- _TASK MATERIAL_:
Lemma path_first_exit T (k : nat) (x : V) p :
  x < k -> path (adj T) x p -> k <= last x p ->
  exists r w, [/\ path (adj T) x (rcons r w), all (fun y : V => y < k) (x :: r) & k <= w].
Proof.
elim: p x => [|y p IH] x /= xk; first by rewrite leqNgt xk.
case/andP=> xy yp lastk; case: (leqP k y) => ky.
  by exists [::], y; rewrite /= xy xk ky.
have [r [w [yrw rk kw]]] := IH y ky yp lastk.
by exists (y :: r), w; rewrite /= xy yrw xk.
Qed.

Section Chords.

Variable E : {set V * V}.
Hypotheses (wfE : graph_wf E) (ncE : noncrossing E).

Lemma adj_not_separates (x x1 u u1 : V) :
  adj E x x1 -> adj E u u1 ->
  x != u -> x != u1 -> x1 != u -> x1 != u1 -> ~~ separates x x1 u u1.
Proof.
move=> xx1 uu1; rewrite -!val_eqE /=.
have W := graph_wf_lt wfE; have N := noncrossingP ncE.
case/orP: xx1 => xx1; case/orP: uu1 => uu1;
move: (N _ _ xx1 uu1) (N _ _ uu1 xx1) (W _ xx1) (W _ uu1) => /=;
rewrite /separates /in_arc; lia.
Qed.

(* A discrete Jordan curve theorem: separation by the chord composes along the
   path, and no single edge of a noncrossing graph changes it. *)
Lemma path_not_separates (x x1 u : V) q :
  adj E x x1 -> path (adj E) u q -> x \notin u :: q -> x1 \notin u :: q ->
  ~~ separates x x1 u (last u q).
Proof.
move=> xx1; elim: q u => [|u1 q IH] u /=.
  by move=> _ _ _; rewrite /separates eqxx.
case/andP=> uu1 u1q; rewrite !inE !negb_or => /and3P[xu xu1 xq] /and3P[x1u x1u1 x1q].
rewrite (separates_split _ _ _ u1) (negbTE (adj_not_separates xx1 uu1 xu xu1 x1u x1u1)).
by rewrite (negbTE (IH u1 u1q _ _)) // inE negb_or ?xu1 ?x1u1.
Qed.

Lemma sorted_path_in_range (x : V) p :
  path (adj E) x p -> uniq (x :: p) -> {in p, forall w : V, x < w <= last x p} ->
  sorted (fun a b : V => a < b) (x :: p).
Proof.
elim: p x => [|x1 p IH] x //= /andP[xx1 x1p] /andP[xNp up] range.
have /andP[lt_x_x1 le_x1_last] := range x1 (mem_head _ _).
have /andP[x1Np _] := up.
rewrite lt_x_x1; apply: IH (x1p) up _ => w wp.
have /andP[lt_xw ->] : x < w <= last x1 p by apply: range; rewrite inE wp orbT.
rewrite andbT ltnNge; apply/negP => le_w_x1.
move: x1p xNp x1Np le_x1_last; case/splitPr: wp => p1 p2.
rewrite cat_path last_cat /= => /and3P[_ _ wp2] xNp x1Np le_x1_last.
have xNw : x \notin w :: p2 by apply: contra xNp => h; rewrite inE mem_cat h !orbT.
have x1Nw : x1 \notin w :: p2 by apply: contra x1Np => h; rewrite mem_cat h orbT.
have lt_x1_last : x1 < last w p2.
  rewrite ltn_neqAle le_x1_last andbT; apply/negP => /eqP/val_inj x1E.
  by rewrite x1E mem_last in x1Nw.
have := path_not_separates xx1 wp2 xNw x1Nw.
by rewrite (separates_in_out lt_xw le_w_x1 lt_x1_last).
Qed.

Lemma exists_neighbor_conn_below (c b k : V) :
  connected E -> (c, k) \in E -> c < b -> b < k ->
  exists2 a, (a, k) \in E & conn_below E k b a.
Proof.
move=> conE ck cb bk.
have /connectP[p bp pk] : connect (adj E) b k.
  by move/forallP: conE => /(_ b)/forallP/(_ k).
have [r [w [brw r_lt k_le_w]]] := path_first_exit bk bp (eq_leq (congr1 val pk)).
move: brw; rewrite rcons_path => /andP[br rw].
have conn_r : {in b :: r, forall y, conn_below E k b y}.
  by move=> y; apply: path_connect; apply: path_adj_below.
move/allP: r_lt => r_lt.
case: (boolP (c \in b :: r)) => [cr | cNr]; first by exists c; last exact: conn_r.
case: (ltngtP k w) => [k_lt_w | w_lt_k | kw]; last first.
- have {kw} wk : w = k by apply: val_inj.
  exists (last b r); last exact: conn_r (mem_last b r).
  case/orP: rw; rewrite wk // => /(graph_wf_lt wfE) /=.
  by rewrite ltnNge ltnW // r_lt ?mem_last.
- by rewrite ltnNge k_le_w in w_lt_k.
- have ck' : adj E c k by rewrite /adj ck.
  have brw : path (adj E) b (rcons r w) by rewrite rcons_path br.
  have cN : c \notin b :: rcons r w.
    rewrite -rcons_cons mem_rcons inE negb_or cNr andbT.
    apply: contraTneq k_lt_w => <-; rewrite -leqNgt ltnW //.
    exact: ltn_trans cb bk.
  have kN : k \notin b :: rcons r w.
    rewrite -rcons_cons mem_rcons inE negb_or; apply/andP; split.
      by apply: contraTneq k_lt_w => <-; rewrite ltnn.
    by apply/negP => /r_lt; rewrite ltnn.
  have := path_not_separates ck' brw cN kN.
  by rewrite last_rcons (separates_in_out cb (ltnW bk) k_lt_w).
Qed.

End Chords.

Lemma noncrossing_add_edge T1 T2 (a b k : V) :
  noncrossing T1 -> noncrossing T2 -> agree_below T1 T2 k ->
  (a, k) \in T1 -> (b, k) \in T2 -> a < b -> noncrossing (T1 :|: [set (b, k)]).
Proof.
move=> nc1 nc2 ag ak bk ab.
apply/forallP => e; apply/implyP; rewrite in_setU in_set1 => eE.
apply/forallP => f; apply/implyP; rewrite in_setU in_set1 => fE.
case/orP: eE => [eT1 | /eqP ->]; case/orP: fE => [fT1 | /eqP ->].
- exact: noncrossingP nc1 eT1 fT1.
- apply/negP => /and3P[e1b be2 e2k].
  have eT2 : e \in T2 by case: e eT1 e1b be2 e2k => e1 e2 /= eT1 _ _ e2k; rewrite -ag.
  by have := noncrossingP nc2 eT2 bk; rewrite /= e1b be2 e2k.
- apply/negP => /= /and3P[bf1 f1k kf2].
  have := noncrossingP nc1 ak fT1; rewrite /= f1k kf2 andbT.
  by rewrite (ltn_trans ab bf1).
- by rewrite /= ltnn.
Qed.

Lemma path_below_gt T (k a b : V) p :
  graph_wf T -> noncrossing T -> (a, k) \in T -> a < b ->
  path (adj_below T k) a p -> uniq (a :: p) -> last a p = b -> {in p, forall w : V, a < w}.
Proof.
move=> wfT ncT ak ab ap uap pb w wp.
have p_lt := path_below_lt ap.
have /andP[aNp _] := uap.
move: (sub_path (@adj_below_sub T k) ap) aNp pb p_lt.
case/splitPr: wp => p1 p2; rewrite cat_path last_cat /= => /and3P[_ _ wp2] aNp pb p_lt.
rewrite ltnNge; apply/negP => w_le_a.
have w_lt_a : w < a.
  rewrite ltn_neqAle w_le_a andbT; apply: contraNneq aNp => /val_inj ->.
  by rewrite mem_cat inE eqxx orbT.
have b_lt_k : b < k by rewrite -pb; apply: p_lt; rewrite mem_cat mem_last orbT.
have aN : a \notin w :: p2 by apply: contra aNp => aw; rewrite mem_cat aw orbT.
have kN : k \notin w :: p2.
  by apply/negP => kw; have := p_lt k; rewrite mem_cat kw orbT ltnn => /(_ isT).
have ak' : adj T a k by rewrite /adj ak.
have := path_not_separates wfT ncT ak' wp2 aN kN.
by rewrite pb (separates_out_in w_lt_a ab (ltnW b_lt_k)).
Qed.

Lemma path_below_le T (k a b : V) p :
  graph_wf T -> noncrossing T -> (b, k) \in T -> a < b ->
  path (adj_below T k) a p -> uniq (a :: p) -> last a p = b -> {in p, forall w : V, w <= b}.
Proof.
move=> wfT ncT bk ab ap uap pb w wp.
have p_lt := path_below_lt ap.
have b_lt_k : b < k by have := graph_wf_lt wfT bk.
have w_lt_k := p_lt w wp.
move: (sub_path (@adj_below_sub T k) ap) uap pb p_lt.
case/splitPr: wp => p1 p2 ap' uap; rewrite last_cat /= => pb p_lt.
have aw : path (adj T) a (rcons p1 w) by move: ap'; rewrite -cat_rcons cat_path => /andP[].
rewrite leqNgt; apply/negP => b_lt_w.
have bN : b \notin a :: rcons p1 w.
  have bp2 : b \in p2.
    have : b \in w :: p2 by rewrite -pb mem_last.
    by rewrite inE => /orP[/eqP bw | //]; rewrite bw ltnn in b_lt_w.
  move: uap; rewrite -cat_rcons -cat_cons cat_uniq => /and3P[_ /hasPn bN _].
  exact: bN.
have kN : k \notin a :: rcons p1 w.
  rewrite inE negb_or -val_eqE /= neq_ltn (ltn_trans ab b_lt_k) orbT /=.
  by apply/negP => kw; have := p_lt k; rewrite -cat_rcons mem_cat kw ltnn => /(_ isT).
have bk' : adj T b k by rewrite /adj bk.
have := path_not_separates wfT ncT bk' aw bN kN.
by rewrite last_rcons (separates_out_in ab b_lt_w (ltnW w_lt_k)).
Qed.

Lemma reducing_seq_of_sorted_path G T (a b k : V) p :
  graph_wf T -> (a, k) \in T -> (b, k) \in G -> b < k -> a < b ->
  path (adj T) a p -> sorted (fun u v : V => u < v) (a :: p) -> last a p = b ->
  noncrossing (T :|: [set (b, k)]) -> exists s, reducing_seq G T s.
Proof.
move=> wfT ak bG bk ab ap srt.
case/lastP: p ap srt => [|mid y] ap srt; first by move=> /= ba; rewrite ba ltnn in ab.
rewrite last_rcons => yb; subst y => nc.
exists (a :: rcons (rcons mid b) k), a, mid, b, k; split => //.
  by rewrite /= rcons_path last_rcons bk andbT.
split => //.
have : path [rel u v | adj T u v && (u < v)] a (rcons mid b) by rewrite path_relI ap.
apply: sub_path => u v /andP[/orP[// | vu] uv].
by have := graph_wf_lt wfT vu; rewrite /= ltnNge ltnW.
Qed.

- _AIM OF THE EXERCISE_:
Above are the records. Print exactly, and only, the lines from the line with "by apply/negP => kw; have := p_lt k; rewrite -cat_rcons" to the line with "graph_wf T -> (a, k)", both inclusive.

- _COMPLETED TASK_:
  by apply/negP => kw; have := p_lt k; rewrite -cat_rcons mem_cat kw ltnn => /(_ isT).
have bk' : adj T b k by rewrite /adj bk.
have := path_not_separates wfT ncT bk' aw bN kN.
by rewrite last_rcons (separates_out_in ab b_lt_w (ltnW w_lt_k)).
Qed.

Lemma reducing_seq_of_sorted_path G T (a b k : V) p :
  graph_wf T -> (a, k) \in T -> (b, k) \in G -> b < k -> a < b ->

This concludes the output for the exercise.